What is currently the best user friendly (visual and interactive) VCF/BCF mining tool in 2021? For VCF/BCF similar to size or even larger than the 1000 human genomes VCF?
I guess most organization do not have a visual and interactive mining VCF mining tool but use either:
- A website front-end + batch query system back-end, submit your query and wait few minutes to hours to get back results. Maybe get no results back, too many results, or wrong results. And then repeat.
- A (junior) bio-informatician that runs a query/few queries on the command line every time a non linux/programming experienced biologist has a question.

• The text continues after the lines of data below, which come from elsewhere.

(* Let $A/B\ne 1/0$ be a convergent of $\theta$, and let $[c_0;c_1,\dots,c_m]$ be any finite continued fraction expansion of the rational number $A/B$ (with $c_0\ge1$ and $c_i\ge1$). Then $\lambda(|A-B\theta|)=c_0+c_1+\cdots+c_m$. Also $\lambda(|1-0\cdot\theta|)=0$.
   Context: Fix an irrational $\theta$ with $1<\theta<2$. Let $S(\theta)=\{i+j\theta : i,j\in\mathbb{N}_0\}$ and let $s_0<s_1<s_2<\cdots$ be its elements in increasing order. Put $\delta(n)=s_{n+1}-s_n$. Let $\lambda$ be the map from the set of values $\{\delta(n):n\ge0\}$ to $\mathbb{N}_0$ that numbers the distinct values in order of first occurrence: $\lambda(\delta(0))=0$, and the $m$-th distinct value to appear in the sequence $\delta(0),\delta(1),\dots$ (counting from $m=0$) receives label $m$. Write $\theta=[t_0;t_1,t_2,\dots]$ (so $t_0=1$) and define $a_{-2}=0,b_{-2}=1,a_{-1}=1,b_{-1}=0$, $a_k=t_ka_{k-1}+a_{k-2}$, $b_k=t_kb_{k-1}+b_{k-2}$ for $k\ge0$. The convergents of $\theta$ are the fraction $1/0$ together with all fractions $\frac{t a_k+a_{k-1}}{t b_k+b_{k-1}}$ with $k\ge -1$ and $1\le t\le t_{k+1}$. For every convergent $A/B$, the number $|A-B\theta|$ is one of the values $\delta(n)$. *)

From Stdlib Require Import Reals Lra Lia ZArith Arith List.
Open Scope R_scope.

Definition irrational (x : R) : Prop :=
  ~ exists p q : Z, q <> 0%Z /\ x = IZR p / IZR q.

Definition inS (theta x : R) : Prop :=
  exists i j : nat, x = INR i + INR j * theta.

Definition is_increasing_enum (theta : R) (s : nat -> R) : Prop :=
  (forall n, s n < s (S n)) /\ (forall x, inS theta x <-> exists n, s n = x).

Definition delta (s : nat -> R) (n : nat) : R := s (S n) - s n.

Definition first_occb (d : nat -> R) (j : nat) : bool :=
  forallb (fun j' => if Req_dec_T (d j') (d j) then false else true) (seq 0 j).

Definition n_distinct_before (d : nat -> R) (k : nat) : nat :=
  length (filter (first_occb d) (seq 0 k)).

(* lam d v m : the value v occurs in the sequence d and its label
   (numbering distinct values by order of first occurrence, from 0) is m. *)
Definition lam (d : nat -> R) (v : R) (m : nat) : Prop :=
  exists k, d k = v /\ (forall k', (k' < k)%nat -> d k' <> v) /\
            m = n_distinct_before d k.

Definition rfloor (x : R) : Z := (up x - 1)%Z.

Fixpoint cf_rem (theta : R) (k : nat) : R :=
  match k with
  | O => theta
  | S k' => / (cf_rem theta k' - IZR (rfloor (cf_rem theta k')))
  end.

Definition cf_t (theta : R) (k : nat) : nat := Z.to_nat (rfloor (cf_rem theta k)).

(* Shifted indexing: pa theta n = a_{n-2}, pb theta n = b_{n-2}. *)
Fixpoint pab (theta : R) (n : nat) : nat * nat :=
  match n with
  | O => (0%nat, 1%nat)
  | S O => (1%nat, 0%nat)
  | S ((S n'') as n') =>
      let (a1, b1) := pab theta n' in
      let (a0, b0) := pab theta n'' in
      (cf_t theta n'' * a1 + a0, cf_t theta n'' * b1 + b0)%nat
  end.
Definition pa (theta : R) (n : nat) : nat := fst (pab theta n).
Definition pb (theta : R) (n : nat) : nat := snd (pab theta n).

Fixpoint cf_val (c0 : nat) (cs : list nat) : R :=
  match cs with
  | nil => INR c0
  | c1 :: cs' => INR c0 + / cf_val c1 cs'
  end.

From Stdlib Require Import Reals Lra Lia Psatz ZArith Arith List.
Open Scope R_scope.

(** Walk down the Stern-Brocot tree towards [theta]: a bracket
   [p/q < theta < r/u] with [r q - p u = 1] is refined at each step by its mediant.
   (1) A unimodularity argument shows that the gap following any element of
       [S(theta)] is either [1] or the gap [|A - B theta|] of some mediant [A/B]
       met before, and that the gap of the mediant examined at step [n] first occurs
       right after the element [A] (or [B theta]) of [S(theta)]; these elements
       increase with [n] and the mediant gaps are pairwise distinct, so the label
       of the gap of the [n]-th mediant is [n + 1].
   (2) The convergent [(t a_k + a_(k-1))/(t b_k + b_(k-1))] is the mediant examined
       at step [t_0 + ... + t_k + t - 1] of the walk.
   (3) The sum of the partial quotients of any expansion of [A/B] equals the number
       of steps of the subtractive Euclidean algorithm on [(A, B)], which for the
       mediant of step [n] is [n + 1]. *)

(** * Partial quotients of the continued fraction of [theta] *)

Lemma irrational_not_integer (x : R) (z : Z) : irrational x -> x <> IZR z.
Proof.
  intros Hirr E. apply Hirr. exists z, 1%Z. split; [lia|]. rewrite E. field.
Qed.

Lemma irrational_relation (th : R) (x y : Z) :
  irrational th -> IZR x = IZR y * th -> y = 0%Z.
Proof.
  intros Hirr E. destruct (Z.eq_dec y 0) as [|Hy]; auto. exfalso. apply Hirr.
  exists x, y. split; auto. rewrite E. field. now apply not_0_IZR.
Qed.

Lemma irrational_relation_nat (th : R) (a b : nat) :
  irrational th -> INR a = INR b * th -> b = 0%nat.
Proof.
  intros Hirr E. rewrite !INR_IZR_INZ in E. apply irrational_relation in E; auto. lia.
Qed.

Lemma rfloor_spec (x : R) : irrational x -> IZR (rfloor x) < x < IZR (rfloor x) + 1.
Proof.
  intros Hirr. unfold rfloor. destruct (archimed x) as [Hup1 Hup2]. rewrite minus_IZR.
  split; [|lra]. destruct (Req_dec (IZR (up x) - 1) x) as [E|E]; [|lra].
  exfalso. apply (irrational_not_integer x (up x - 1) Hirr). rewrite minus_IZR. lra.
Qed.

Lemma cf_rem_irrational (th : R) :
  irrational th -> 1 < th -> forall k, irrational (cf_rem th k) /\ 1 < cf_rem th k.
Proof.
  intros Hirr Hgt1 k. induction k as [|k [Hirr_k Hgt1_k]]; simpl; auto.
  set (x := cf_rem th k) in *. destruct (rfloor_spec x Hirr_k) as [F1 F2].
  set (f := rfloor x) in *. split.
  - intros [p [q [Hq E]]].
    assert (Hp : p <> 0%Z).
    { intros ->. rewrite Rdiv_0_l in E.
      assert (0 < / (x - IZR f)) by (apply Rinv_0_lt_compat; lra). lra. }
    apply Hirr_k. exists (f * p + q)%Z, p. split; auto.
    assert (IZR p <> 0) by now apply not_0_IZR.
    assert (IZR q <> 0) by now apply not_0_IZR.
    assert (x - IZR f = IZR q / IZR p).
    { rewrite <- (Rinv_inv (x - IZR f)), E. field. auto. }
    rewrite plus_IZR, mult_IZR. replace x with (IZR f + IZR q / IZR p) by lra. field. auto.
  - rewrite <- Rinv_1. apply Rinv_lt_contravar; lra.
Qed.

Lemma cf_t_spec (th : R) :
  irrational th -> 1 < th -> forall k,
  INR (cf_t th k) < cf_rem th k /\ cf_rem th (S k) * (cf_rem th k - INR (cf_t th k)) = 1.
Proof.
  intros Hirr Hgt1 k. destruct (cf_rem_irrational th Hirr Hgt1 k) as [Hirr_k Hgt1_k].
  destruct (rfloor_spec _ Hirr_k) as [F1 F2].
  assert (Hf : (0 <= rfloor (cf_rem th k))%Z).
  { apply le_IZR. lra. }
  assert (E : INR (cf_t th k) = IZR (rfloor (cf_rem th k))).
  { unfold cf_t. rewrite INR_IZR_INZ. f_equal. lia. }
  rewrite E. split; [lra|]. simpl. rewrite <- E in *. field. lra.
Qed.

(** * The subtractive Euclidean algorithm *)

(* Number of steps of the subtractive Euclidean algorithm on [(p, q)], the final
   step [p = q] included; [fuel] bounds the recursion and [p + q] always suffices. *)
Fixpoint euclid_steps (fuel p q : nat) : nat :=
  match fuel with
  | O => O
  | S fuel' =>
      if Nat.eqb p q then 1%nat
      else if Nat.ltb p q then S (euclid_steps fuel' p (q - p))
      else S (euclid_steps fuel' (p - q) q)
  end.

(* [euclid_depth p q] is the depth of [p/q] in the Stern-Brocot tree ([1/1] has depth 1). *)
Definition euclid_depth (p q : nat) : nat := euclid_steps (p + q) p q.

I asked this question already around 5 years ago, and wonder what the situation currently is.
So 100M plus variants, 1000+ samples, compressed BCF file size 500G+, uncompressed VCF several TB+
One requirement is that it should do all kinds of filtering that bcftools view does:
But BCFTools does not meet the interactive and visual requirements. BCFTools is only interactive for small VCF files or when you use the tabix index to limit the query to a small region.
Another requirements if that the filtering is visual and interactive, like for example with a small genotype matrix in Excel. (I know bad idea but at least Excel interactive, visual and biologist friendly).
With interactive I mean that a filter criteria can be adjusted and you semi reall-time (few seconds to 1 minute) get back your updated result genotype matrix. Even for complex queries were the full 100M+ variants for all 1000+ samples should be scanned the tool should be interactive.
Does something like this already exist? If so which tools?
Mostly curious about what open source solution there are, but also curious if there are any commercial solutions?
See also this older question and answers:
I am/was hoping that nowadays something like the following exists:
- scalable database (cluster) (e.g. mongodb/spark etc) that stores a large VCF/BCF content; variants and genotypes
- bcftools view like domain code could do queries
- results reported (full/paginated or summarized) in a website/fat GUI.